- a) A way to accept a string representing a new set of values delimited by comma sign “,” (e.g. “1,2,3”) and return true/false if the given set is a duplicate of a set seen before
Example code
IntSetComparer comp = new IntSetComparer();
bool add1 = comp.AddUniqueSet("1,2,3"); // unique
bool add2 = comp.AddUniqueSet("1,3,2"); // duplicate
Console.WriteLine("Add1 = {0}\nAdd2 = {1}", add1, add2);
Output
Add1 = True // set is unique
Add2 = False // set is duplicate
- b) A way to return an information on number of duplicates and non-duplicates seen so far
Example code
// ... (code from a) ...
(new List<string>{
"56,69,26,0", // unique
"3,2,1", // 2. duplicate
"2,156", // unique
"156,2", // duplicate
"32" // unique
}).ForEach(s => comp.AddUniqueSet(s));
int nonDuplicates = comp.GetUniquesCount();
int duplicates = comp.GetDuplicatesCount();
Console.WriteLine("Non-duplicates = {0}\nDuplicates = {1}", nonDuplicates, duplicates);
Output
Non-duplicates = 4
Duplicates = 3
- c) A way to list members of the most frequent duplicate group seen so far
Example code
// ... (code from a,b) ...
Console.WriteLine("Most frequent duplicate group: {0}", comp.GetMostFrequentSet());
Output
Most frequent duplicate group: 1,2,3
- d) A way to return human readable report on list of invalid inputs seen so far
Example code
// ... (code from a,b,c) ...
(new List<string>{
"56,,0",
null,
"156,ab"
}).ForEach(s => comp.AddUniqueSet(s));
comp.GetInvalidInputsReport(Console.Out);
Output
<?xml version="1.0" encoding="ibm852"?>
<Report xmlns:xsi="http://www.w3.org/2001/XMLSchema-instance" xmlns:xsd="http://www.w3.org/2001/XMLSchema">
<ReportItem>
<Timestamp>2016-03-18 17:56:08.013</Timestamp>
<Set>56,,0</Set>
</ReportItem>
<ReportItem>
<Timestamp>2016-03-18 17:56:08.028</Timestamp>
<Set>null</Set>
</ReportItem>
<ReportItem>
<Timestamp>2016-03-18 17:56:08.036</Timestamp>
<Set>156,ab</Set>
</ReportItem>
</Report>
Notes
- Examples are available in project ConsoleApp, Program.cs
- Complexity of default algorithm for duplicates detection is O(N)
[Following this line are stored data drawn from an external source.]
(* Let $k=3$, $\lambda>0$ and $0<\theta<1$. Put $\theta_c(3)=1/2$ and, for $\theta<1/2$, $\lambda_{\rm cr}(3)=\frac{1}{2-4\theta}\bigl(\frac43\bigr)^3$. Then: (1) if $\theta\ge1/2$, there is exactly one TISGM; (2) if $\theta<1/2$: (2a) if $\lambda\le\lambda_{\rm cr}(3)$ there is exactly one TISGM (corresponding to the solution $(x^*,x^* )$); (2b) if $\lambda>\lambda_{\rm cr}(3)$ there are exactly three TISGMs, corresponding to $(x^*,x^* )$ and two solutions $(x_1^*,x_2^* )$, $(x_2^*,x_1^* )$ with $x_1^*\ne x_2^*$.
   Context: SCWR model on the Cayley tree of order $k$ (each vertex has $k$ direct successors), spins in $\{-1,0,1\}$, activity $\lambda>0$, $\theta=e^{-J\beta}$; ferromagnetic means $0<\theta<1$. TISGMs are in one-to-one correspondence with the solutions $(x,y)\in(0,\infty)^2$ of $x=\lambda\bigl(\frac{1+x+\theta y}{1+x+y}\bigr)^k$, $y=\lambda\bigl(\frac{1+\theta x+y}{1+x+y}\bigr)^k$; the number of TISGMs is the number of such solutions. $x^*$ is the unique positive solution of $x=\lambda\bigl(\frac{1+(1+\theta)x}{1+2x}\bigr)^k$. *)

From Stdlib Require Import Reals Lra.
Open Scope R_scope.

(* Positive solutions (x,y) of the TISGM system for the SCWR model on the
   Cayley tree of order k; they are in bijection with the TISGMs. *)
Definition tisgm_sol (k : nat) (lam th x y : R) : Prop :=
  0 < x /\ 0 < y /\
  x = lam * ((1 + x + th * y) / (1 + x + y)) ^ k /\
  y = lam * ((1 + th * x + y) / (1 + x + y)) ^ k.

Definition is_xstar (k : nat) (lam th x : R) : Prop :=
  0 < x /\ x = lam * ((1 + (1 + th) * x) / (1 + 2 * x)) ^ k.

Definition theta_c3 : R := 1 / 2.
Definition lambda_cr3 (th : R) : R := (1 / (2 - 4 * th)) * (4 / 3) ^ 3.

From Stdlib Require Import Reals Lra Psatz.
Open Scope R_scope.

(* Write a solution (x, y) of the TISGM system as x = lam a^3, y = lam b^3,
   where a, b are the two ratios appearing in the system.
   - Diagonal solutions x = y are exactly the solutions x* of the one-variable
     equation; its right-hand side is non-increasing in x, so x* exists
     (intermediate value theorem) and is unique.  This holds for every k.
   - For k = 3 and a <> b, taking the sum and the difference of the two ratio
     equations and cancelling a - b shows that the system is equivalent to two
     equations in p = a + b and q = ab: a "product law" expressing q through p
     and a "sum equation" lam p^3 (p - 1 - th) = 2p - 1.  Real distinct a, b
     force 1 + th < p < 3/2.
   - On (1 + th, +oo) the function p^3 (p - 1 - th) / (2p - 1) is strictly
     increasing, so the sum equation has at most one root there, and it has a
     root below 3/2 iff its two sides compare correctly at p = 3/2, i.e. iff
     2 < lam (3/2)^3 (1/2 - th), which for th < 1/2 is lam > lambda_cr3 th.
   The root p determines {a, b}, hence the asymmetric solutions up to swapping
   the coordinates; the theorem follows by combining the two cases. *)

Section DiagonalSolutions.

Variables (k : nat) (lam th : R).
Hypotheses (hlam : 0 < lam) (hth0 : 0 < th) (hth1 : th < 1).

Lemma tisgm_sol_swap x y : tisgm_sol k lam th x y -> tisgm_sol k lam th y x.
Proof.
  intros [hx [hy [ex ey]]]; repeat split; try assumption.
  - replace (1 + y + th * x) with (1 + th * x + y) by ring.
    replace (1 + y + x) with (1 + x + y) by ring. exact ey.
  - replace (1 + th * y + x) with (1 + x + th * y) by ring.
    replace (1 + y + x) with (1 + x + y) by ring. exact ex.
Qed.

Lemma is_xstar_iff_diagonal x : is_xstar k lam th x <-> tisgm_sol k lam th x x.
Proof.
  unfold is_xstar, tisgm_sol.
  replace (1 + x + th * x) with (1 + (1 + th) * x) by ring.
  replace (1 + th * x + x) with (1 + (1 + th) * x) by ring.
  replace (1 + x + x) with (1 + 2 * x) by ring.
  tauto.
Qed.

Lemma diagonal_ratio_antitone u v : 0 <= u -> u <= v ->
  (1 + (1 + th) * v) / (1 + 2 * v) <= (1 + (1 + th) * u) / (1 + 2 * u).
Proof.
  intros hu huv.
  assert (gap : (1 + (1 + th) * u) / (1 + 2 * u) - (1 + (1 + th) * v) / (1 + 2 * v)
                = (1 - th) * (v - u) / ((1 + 2 * u) * (1 + 2 * v))) by (field; lra).
  assert (0 <= (1 - th) * (v - u) / ((1 + 2 * u) * (1 + 2 * v))).
  { unfold Rdiv; apply Rmult_le_pos; [nra | left; apply Rinv_0_lt_compat; nra]. }
  lra.
Qed.

(* Uniqueness of x*: a fixed point of a non-increasing map is unique. *)
Lemma is_xstar_unique u v : is_xstar k lam th u -> is_xstar k lam th v -> u = v.
Proof.
  assert (no_lt : forall u v, is_xstar k lam th u -> is_xstar k lam th v -> ~ u < v).
  { intros u' v' [hu eu] [hv ev] huv.
    assert (hr : 0 <= (1 + (1 + th) * v') / (1 + 2 * v')).
    { left; apply Rdiv_lt_0_compat; nra. }
    pose proof (diagonal_ratio_antitone u' v' (Rlt_le _ _ hu) (Rlt_le _ _ huv)) as anti.
    pose proof (pow_incr _ _ k (conj hr anti)).
    nra. }
  intros Hu Hv; destruct (Rtotal_order u v) as [h | [h | h]];
    [ exfalso; exact (no_lt _ _ Hu Hv h) | exact h | exfalso; exact (no_lt _ _ Hv Hu h) ].
Qed.

(* Existence of x*: x (1+2x)^k - lam (1 + (1+th) x)^k changes sign on [0, lam + 1]. *)
Lemma is_xstar_exists : exists x, is_xstar k lam th x.
Proof.
  set (f := fun x => x * (1 + 2 * x) ^ k - lam * (1 + (1 + th) * x) ^ k).
  assert (f_cont : continuity f) by (unfold f; reg).
  assert (f_neg : f 0 < 0).
  { unfold f; replace (1 + 2 * 0) with 1 by ring;
      replace (1 + (1 + th) * 0) with 1 by ring; rewrite pow1; lra. }
  set (M := lam + 1).
  assert (f_pos : 0 < f M).
  { assert (0 < (1 + 2 * M) ^ k) by (apply pow_lt; unfold M; lra).
    assert ((1 + (1 + th) * M) ^ k <= (1 + 2 * M) ^ k) by (apply pow_incr; unfold M; nra).
    unfold f, M in *; nra. }
  destruct (IVT f 0 M f_cont ltac:(unfold M; lra) f_neg f_pos) as [z [[hz0 _] fz]].
  assert (hz : 0 < z) by (destruct hz0 as [h | <-]; [exact h | lra]).
  exists z; split; [exact hz |].
  assert (0 < (1 + 2 * z) ^ k) by (apply pow_lt; lra).
  unfold Rdiv; rewrite Rpow_mult_distr, pow_inv.
  unfold f in fz.
  apply (Rmult_eq_reg_r ((1 + 2 * z) ^ k)); [| lra].
  rewrite Rmult_assoc, Rmult_assoc, Rinv_l; lra.
Qed.

Lemma diagonal_sol_is_xstar xs x :
  is_xstar k lam th xs -> tisgm_sol k lam th x x -> x = xs.
Proof.
  intros hxs hx; apply is_xstar_unique; [apply is_xstar_iff_diagonal |]; assumption.
Qed.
It is possible to extend the library by adding support for other data-types.
How to create extension (data type string):
1) Create class derived from SetBase
Sets/StringSet.cs
using System.Collections.Generic;
using System.Linq;
namespace SetComparer.Sets
{
public class StringSet : SetBase<string>
{
public StringSet(List<string> set) : base(set) { }
public StringSet(string set) : base(set) { }
public StringSet() { }
public override List<string> Parse(string set)
{
if (set == null)
{
ThrowAndLogFormatException(set);
}
return set.Split(',').ToList();
}
}
}
2) Override IsDuplicate and ToString methods if necessary
3) Create class derived from SetComparer<StringSet, string>
Comparers/StringSetComparer.cs
using SetComparer.Sets;
namespace SetComparer.Comparers
{
public class StringSetComparer : SetComparer<StringSet, string> { }
}
4) Add comments and unit tests
- DeepCloner in project SetComparerTesting
- IDE: Microsoft Visual Studio Community 2015
- Target framework: .Net Framework 4.5.2 (default)
- Markdown editor: dillinger.io
- OS: Windows 10 x64
- Project: SetComparerTesting
- Unit tests cover class IntSetComparer (resp. its ancestor SetComparer*<IntSet, int>*)
- Files used in tests: /TestFiles/ (Note: input.txt is encoded in Windows-1252 (ANSI))